What part of the word "emergency" do you not understand?
That’s a question many hospitals would like to ask patients who use the emergency room inappropriately.
And a growing number of hospitals are now giving such patients an ultimatum: If you come to the ER with a nonemergency, don’t expect to get treated unless you pay up front.
Piedmont Fayette Hospital, located in Fayetteville, south of Atlanta, adopted such a policy on Sept. 18.
"We’re following a national trend and trying to focus our limited resources back to emergency patients," said Ryan Duffy, spokeswoman for Piedmont Fayette.
Piedmont’s other two satellite hospitals, in Newnan and Jasper, also have implemented ER screening. The main Piedmont Hospital in Atlanta has not, though spokeswoman Diana Lewis said they are considering it.
Here’s how it works: Patients who come into the ER are evaluated by a physician. If their condition is a true emergency, federal law requires that they be treated, or at least stabilized so they can be transferred to another facility, regardless of their ability to pay.
"If the patient does not have an emergency, we recommend that they see a primary care doctor, and we give them a list of options in the community, including free or reduced-fee clinics," said Duffy. "If they insist on being treated in the ER, we will certainly do so, but they must pay either their insurance co-pay or a $150 deposit."
True emergencies include chest pain, trauma, severe bleeding, respiratory distress, stroke symptoms and other conditions that clearly require immediate attention.

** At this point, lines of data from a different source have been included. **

(* Let $P$ be a poset and $v$ an assignment of variables to elements of $P$. Then for all $m,n\in\omega$, $P,v\models\phi_{mn}(x_1,\ldots,x_m,y)$ if and only if $\exists$ has an $n$-strategy for the game with starting position $(\{v(x_1),\ldots,v(x_m)\},\{v(y)\})$.
   Context: Work in the first-order signature with one binary relation $\leq$. Let $J(x,y,z)$ be the formula $x\leq z\wedge y\leq z\wedge\forall w((x\leq w\wedge y\leq w)\to z\leq w)$ (so $z$ is the join of $x,y$), and $M(x,y,z)$ the dual formula expressing that $z$ is the meet of $x,y$. For $k\in\omega$ let $C_k(x_1,\ldots,x_k,y)$ be $\bigvee_{i=1}^k(y=x_i)$ (false when $k=0$) and $D_k=\neg C_k$. Write $\vec{x}_m=(x_1,\ldots,x_m)$. Define formulas $\phi_{mn}(\vec{x}_m,y)$ recursively: $\phi_{m0}(\vec{x}_m,y)=D_m(\vec{x}_m,y)$, and $\phi_{m(n+1)}(\vec{x}_m,y)=\forall a\forall b\forall c\Big(\big(\exists d(C_m(\vec{x}_m,d)\wedge d\leq a)\to\phi_{(m+1)n}(\vec{x}_m,a,y)\big)\wedge\big((C_m(\vec{x}_m,a)\wedge C_m(\vec{x}_m,b)\wedge M(a,b,c))\to\phi_{(m+1)n}(\vec{x}_m,c,y)\big)\wedge\big((C_m(\vec{x}_m,c)\wedge J(a,b,c))\to(\phi_{(m+1)n}(\vec{x}_m,a,y)\vee\phi_{(m+1)n}(\vec{x}_m,b,y))\big)\Big)$. The game: for a poset $P$ and $U_0,V\subseteq P$, the game with starting position $(U_0,V)$ is played between $\forall$ and $\exists$ in rounds $0,1,2,\ldots$; a set $U$ is maintained, initially $U_0$, with $V$ fixed. Each round $\forall$ moves and $\exists$ responds: (1) if $b\geq a$ for some $a\in U$, $\forall$ may play $(b)$ and $\exists$ must add $b$ to $U$; (2) if $a,b\in U$ and $a\wedge b$ exists, $\forall$ may play $(a,b)$ and $\exists$ must add $a\wedge b$ to $U$; (3) if $a\vee b$ exists and lies in $U$, $\forall$ may play $(a,b)$ and $\exists$ must choose one of $a,b$ and add it to $U$. $\forall$ wins in round $n$ if $U\cap V\neq\emptyset$ at the beginning of round $n$. $\exists$ has an $n$-strategy if she can guarantee that $\forall$ does not win until at least round $n+1$, however $\forall$ plays. *)

From mathcomp Require Import all_boot all_order.
Set Implicit Arguments. Unset Strict Implicit. Unset Printing Implicit Defensive.
Import Order.Theory.
Local Open Scope order_scope.

Inductive form : Type :=
  | FLe : nat -> nat -> form
  | FEq : nat -> nat -> form
  | FFalse : form
  | FNot : form -> form
  | FAnd : form -> form -> form
  | FOr : form -> form -> form
  | FImp : form -> form -> form
  | FAll : nat -> form -> form
  | FEx : nat -> form -> form.

Definition upd {T : Type} (v : nat -> T) (x : nat) (a : T) : nat -> T :=
  fun z => if z == x then a else v z.

Fixpoint sat {d : Order.disp_t} {P : porderType d} (v : nat -> P) (f : form)
  : Prop :=
  match f with
  | FLe x y => v x <= v y
  | FEq x y => v x = v y
  | FFalse => False
  | FNot g => ~ sat v g
  | FAnd g h => sat v g /\ sat v h
  | FOr g h => sat v g \/ sat v h
  | FImp g h => sat v g -> sat v h
  | FAll x g => forall a : P, sat (upd v x a) g
  | FEx x g => exists a : P, sat (upd v x a) g
  end.

Definition FJ (x y z w : nat) : form :=
  FAnd (FLe x z) (FAnd (FLe y z)
    (FAll w (FImp (FAnd (FLe x w) (FLe y w)) (FLe z w)))).

Definition FM (x y z w : nat) : form :=
  FAnd (FLe z x) (FAnd (FLe z y)
    (FAll w (FImp (FAnd (FLe w x) (FLe w y)) (FLe w z)))).

Fixpoint FC (xs : seq nat) (y : nat) : form :=
  match xs with
  | [::] => FFalse
  | [:: x] => FEq y x
  | x :: xs' => FOr (FEq y x) (FC xs' y)
  end.

Definition FD (xs : seq nat) (y : nat) : form := FNot (FC xs y).

(* phi_{mn}(xs, y) with m = size xs; the bound variables a,b,c,d,w are
   chosen fresh (larger than every variable among xs, y). *)
Fixpoint phi (n : nat) (xs : seq nat) (y : nat) : form :=
  match n with
  | 0 => FD xs y
  | n'.+1 =>
    let N := (foldr maxn y xs).+1 in
    let a := N in let b := N.+1 in let c := N.+2 in
    let dd := N.+3 in let w := N.+4 in
    FAll a (FAll b (FAll c
      (FAnd
        (FImp (FEx dd (FAnd (FC xs dd) (FLe dd a)))
              (phi n' (rcons xs a) y))
        (FAnd
          (FImp (FAnd (FAnd (FC xs a) (FC xs b)) (FM a b c w))
                (phi n' (rcons xs c) y))
          (FImp (FAnd (FC xs c) (FJ a b c w))
                (FOr (phi n' (rcons xs a) y) (phi n' (rcons xs b) y)))))))
  end.

Definition is_meet {d : Order.disp_t} {P : porderType d} (a b c : P) : Prop :=
  c <= a /\ c <= b /\ forall w : P, w <= a -> w <= b -> w <= c.

Definition is_join {d : Order.disp_t} {P : porderType d} (a b c : P) : Prop :=
  a <= c /\ b <= c /\ forall w : P, a <= w -> b <= w -> c <= w.

(* Moves of player forall.  MMeet a b c : play (a,b) where c = a /\ b;
   MJoin a b c : play (a,b) where c = a \/ b. *)
Inductive move (T : Type) : Type :=
  | MUp : T -> move T
  | MMeet : T -> T -> T -> move T
  | MJoin : T -> T -> T -> move T.

Definition legal {d : Order.disp_t} {P : porderType d}
  (U : P -> Prop) (mv : move P) : Prop :=
  match mv with
  | MUp b => exists2 a, U a & a <= b
  | MMeet a b c => [/\ U a, U b & is_meet a b c]
  | MJoin a b c => is_join a b c /\ U c
  end.

Definition addp {T : Type} (U : T -> Prop) (x : T) : T -> Prop :=
  fun z => U z \/ z = x.

Definition step {T : Type} (U : T -> Prop) (mv : move T) (ch : bool)
  : T -> Prop :=
  match mv with
  | MUp b => addp U b
  | MMeet _ _ c => addp U c
  | MJoin a b _ => addp U (if ch then a else b)
  end.

(* A strategy for exists: given the history of forall's previous moves and
   his current move, the choice to make. *)
Definition strategy (T : Type) := seq (move T) -> move T -> bool.

Definition disjointp {T : Type} (U V : T -> Prop) : Prop :=
  forall z, ~ (U z /\ V z).

(* safe V s hist U ms : playing the forall-moves ms (as long as they are
   legal) against strategy s from position U (history hist), the set U is
   disjoint from V at the beginning of every round reached. *)
Fixpoint safe {d : Order.disp_t} {P : porderType d} (V : P -> Prop)
  (s : strategy P) (hist : seq (move P)) (U : P -> Prop) (ms : seq (move P))
  : Prop :=
  disjointp U V /\
  match ms with
  | [::] => True
  | mv :: ms' => legal U mv ->
      safe V s (rcons hist mv) (step U mv (s hist mv)) ms'
  end.

Definition n_strategy {d : Order.disp_t} {P : porderType d}
  (n : nat) (U0 V : P -> Prop) (s : strategy P) : Prop :=
  forall ms : seq (move P), size ms <= n -> safe V s [::] U0 ms.

Definition has_n_strategy {d : Order.disp_t} {P : porderType d}
  (n : nat) (U0 V : P -> Prop) : Prop :=
  exists s : strategy P, n_strategy n U0 V s.

From mathcomp Require Import all_boot all_order zify.
From Stdlib Require Import Classical IndefiniteDescription.
Set Implicit Arguments. Unset Strict Implicit. Unset Printing Implicit Defensive.
Import Order.Theory.
Local Open Scope order_scope.

(** Both sides unfold in lockstep along [n]. ∃ has an (n+1)-strategy from [U]
    iff [U] misses [V] and every legal move of ∀ has an answer after which she
    has an n-strategy; the three conjuncts of φ_{m(n+1)} are exactly the three
    kinds of moves, the fresh variables [a], [b], [c] naming the elements ∀
    plays and the new last entry of the variable list naming the element ∃
    adds.  The disjointness [D_m] needs no clause of its own: it follows from
    the up-move answered by an element already in [U]. *)

Section Game.
Variables (d : Order.disp_t) (P : porderType d).
Implicit Types (U V : P -> Prop) (s : strategy P) (h ms : seq (move P)).

Lemma safe_prefix V s h0 h U ms :
  safe V s (h0 ++ h) U ms <-> safe V (fun h' => s (h0 ++ h')) h U ms.
Proof.
elim: ms h U => [|mv ms IH] h U //=; rewrite rcons_cat.
by split=> -[UV safe_mv]; split=> // /safe_mv /IH.
Qed.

"We are not turning anyone away," Duffy said. "All emergencies will be treated, and physicians will always err on the side of caution."
But they hope to discourage people from coming to the ER for illnesses such as colds, which could be treated in a primary care setting. In fact, some of the people who show up in the ER aren’t even sick at all.
"We’ve had people come in just trying to get a prescription refilled, and that is not what we’re here for," Duffy said.
Kevin Bloye, spokesman for the Georgia Hospital Association, said ER abuse is one of the toughest problems hospitals face.
"It’s an issue that every hospital in Georgia is grappling with," he said. "A lot of it is linked to the uninsured population, which is growing so fast."
If they are in danger of losing life or limb, uninsured patients can always get treatment at an emergency room. But Bloye said some people regard the ER as their answer for anything that’s bothering them.
"‘Frequent flyers’ are a huge problem," he said. "These are people who show up in the ER every week or every other week, often with behavioral or alcohol issues. They’re taking time away from other patients."
Cathy Bowers, spokeswoman for Northeast Georgia Medical Center, said the Gainesville hospital sees plenty of such patients.
"We have people who are habitual users of the ER," she said. "But treating patients who are inappropriate just encourages them to come back next time."
Bowers acknowledged that the medical center currently treats every patient who comes to the ER, even though federal law doesn’t require it.
"The regulations only say we have to triage and evaluate," she said. "But since patients incur most of their expenses during the evaluation, most hospitals just end up treating them."
Bowers said the medical center is considering adopting a policy similar to Piedmont Fayette’s, because it would put pressure on people to change their behavior.
The hospital has already tried a number of tactics to cut down on ER abuse. Though patients are not denied treatment even for minor conditions, when they’re discharged from the ER they are given a list of local, low-cost medical clinics and are encouraged to use those providers next time they need medical care.
The hospital also started Nurseline, a phone triage service. Patients can describe their symptoms to a nurse and determine whether they really need to come to the ER or not.
But it’s not clear whether these efforts are having an effect. Out of more than 97,000 visits to Northeast Georgia Medical Center’s emergency department in 2006, about 28 percent were considered non-emergent. And 41 percent of cases had to be written off as bad debt because patients didn’t pay the bills.
"The emergency room is the most expensive primary care you can get," Bowers said.
The cost of treating the uninsured has forced some hospitals nationwide to close their emergency departments. Yet there is still a reluctance at many hospitals to redirect patients who are inappropriate for the ER.
That reluctance is driven in part by fear of lawsuits. There’s always a chance that a doctor may send a patient home, only to have that person turn out to have a real emergency. But Bowers said more hospitals are now willing to take that chance.
"Liability concerns are one of the reasons the systems has evolved as it has," she said. "But everything in medicine has some risk of liability. You have to balance that against the risk of using your resources on non-emergent care and not having it for those patients who have true emergencies."